My In-laws just asked if I could restore and refinish an old cherry table and chair set, and I'm not sure the best way to finish it so that it looks nice but is durable. The only way I've really finished wood is with a Minwax poly, but I don't know that it's the best way. Any suggestions and/or pointers would be greatly appreciated.

Thanks in advance.


----------



## CharlieM1958 (Nov 7, 2006)

What finish is on it now? Are you going to take it down to bare wood? Are they looking for a particular color?


----------



## Sawkerf (Dec 31, 2009)

Before you do anything, you need to know if the table top is veneered plywood. If the table expands, you should be able to see if the edges have veneers. If they do, its plywood and your job just got more difficult.

Depending on the age of the set, the surface veneer of the plywood might have a decent thickness which can be sanded somewhat without sanding thru it into the substrate. Sand throughs are difficult - if not impossible - to hide.

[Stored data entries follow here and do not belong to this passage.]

Theorem proposition4 (q : R) (r s : nat) (alpha : R)
  (a c : nat -> R) (b d : nat -> C) (z : C) :
  0 < q < 1 ->
  (1 <= r)%nat -> (1 <= s)%nat -> (r - 1 <= s)%nat ->
  (forall m : nat, alpha <> - INR m) ->
  (forall j, (j < r - 1)%nat -> 0 < a j) ->
  (forall l, (l < s - 1)%nat -> 0 < c l) ->
  (forall j n m : nat, (j < r - 1)%nat -> (1 <= n)%nat ->
     a j * INR n + Re (b j) <> - INR m) ->
  (forall l n m : nat, (l < s - 1)%nat -> (1 <= n)%nat ->
     c l * INR n + Re (d l) <> - INR m) ->
  let A := rprod (r - 1) (fun j => qnum q (a j)) / rprod (s - 1) (fun l => qnum q (c l)) in
  let lambda (n : nat) : R :=
    Rpower q (INR n + alpha) * rprod (s - 1) (fun l => qnum (Rpower q (c l)) (INR n))
    / (qnum q (INR n) * rprod (r - 1) (fun j => qnum (Rpower q (a j)) (INR n)))
    * (q - 1) in
  let phi_n (n : nat) : C :=
    rphis
      (qpow q (RtoC (- INR n)) ::
         map (fun j => qpow q (Cplus (RtoC (a j * INR n)) (b j))) (seq 0 (r - 1)))
      (qpow q (RtoC alpha) ::
         map (fun l => qpow q (Cplus (RtoC (c l * INR n)) (d l))) (seq 0 (s - 1)))
      q (Cmult (RtoC (lambda n)) z) in
  let rhs_term (k : nat) : C :=
    Cmult (RtoC (powerRZ (-1) ((1 + Z.of_nat r - Z.of_nat s) * Z.of_nat k)%Z
                 * powerRZ q ((2 + Z.of_nat s - Z.of_nat r) * Z.of_nat (binom2 k))%Z
                 * A ^ k))
      (Cdiv (Cmult (pow_n z k)
                   (RtoC (Rpower q (alpha * INR k)
                          * powerRZ (1 - q) ((2 + Z.of_nat r - Z.of_nat s) * Z.of_nat k)%Z)))
            (Cmult (qpoch (qpow q (RtoC alpha)) q k) (qpoch (RtoC q) q k))) in
  exists L : C, is_series rhs_term L /\ filterlim phi_n eventually (locally L).
Proof.
  (* The conditions on [b] and [d] only make every [phi_n n] well defined; the limit
     involves large [n] alone, where the parameters [q^(c_l n + d_l)] are small. *)
  intros Hq Hr Hs Hrs Halpha Ha Hc _ _ A lambda phi_n rhs_term.
  destruct (term_dominated q alpha r s a c b d z Hq Hr Hs Hrs Halpha Ha Hc) as [N HN].
  destruct (tannery_C (term q alpha r s a c b d z) (limit_term q alpha r s a c z)
              (majorant q alpha r s a c z) N
              (is_lim_Cseq_term q alpha r s a c b d z Hq Hr Hs Hrs Ha Hc)
              (fun n k Hn => HN n Hn k)
              (ex_series_majorant q alpha r s a c z Hq Halpha)) as [L [HL Hlim]].
  exists L. split; [exact HL|].
  eapply filterlim_ext; [|exact Hlim]. intros n. unfold phi_n. rewrite rphis_Series. reflexivity.
Qed.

If it isn't plywood, you should be fine as long as you don't mind a messy and time consuming job.


----------



## BillWhite (Jul 23, 2007)

Use a wiping varnish, and you might even want to "tone" the varnish with a dye. I'm gonna give up on my blasts about ploycrapithane. Just 'cause I don't like the plastic look doesn't mean that everyone shares my view.
You didn't give us a lot of info that will allow best advice.
Bill


----------



## jksmith69 (Jun 16, 2011)

I have all the parts except for the table top. I believe the table top is laminated and then veneered, but I haven't gotten a good look yet. Because I have to repair some of the pieces, I'm taking it down to bare wood. They haven't told me anything about color, we haven't talked about that yet, I was kind of assuming I was gonna color it similar to what it alread is, which is a dark red.


----------



## Sawkerf (Dec 31, 2009)

I wouldn't commit to a bare wood stripdown until I knew for sure about the top. If it's a veneer, you really want to think this thru. You could ruin the top in a heartbeat. (I've been there.)


----------



## jksmith69 (Jun 16, 2011)

Unfurtunately there's already bare wood exposed on pieces and again unfortunately the table top was kinda close to a kitchen fire in the house it was in some years back and the plastic from the table cloth has melted/marked parts of the top. I might end up looking for totally different ideas for the top once I get it.


----------



## Gary_Roberts (Feb 15, 2010)

I'm wondering if it's really cherry or cherry, and maple, and birch and who knows what? A lot of manufactured stuff was made of a variety of woods and sprayed to look like cherry or whatever.


----------



## jksmith69 (Jun 16, 2011)

Alright, this is what I know so far and it will answer some questions. The whole thing is laminated cherry, at least all the 'seen' parts. Some of the braces up inder the table that can't be see might be laminated with other woods. The tabletop is veneered and the veneer is basically destroyed, so it looks like I'm going to get my first lesson it veneers. The plastic tablecloth that was on it during the fire is completely melt/burnt onto the veneer. Sanding just re-melted the plastic and just gunks up the sandpaper. So I took a plane to it, which is actually working but it's taking veneer with it. The rest of the top is in good shape and solid though.


----------



## Gary_Roberts (Feb 15, 2010)

I guess the question is, is this set really worth the work? If someone, even family, brought it to me, I would recommend junking it and buying a new set. There is a point at which, unless there are special memories or value, that a piece of furniture is no more than a piece of furniture.


----------



## Sawkerf (Dec 31, 2009)

I second Gary's comment. There's literally tons of old furniture around that is well made, in good condition, and old. It's sorta sad, but very little of it is worth anything - and even Goodwill will turn it down if they're already carrying quie a bit similar stuff.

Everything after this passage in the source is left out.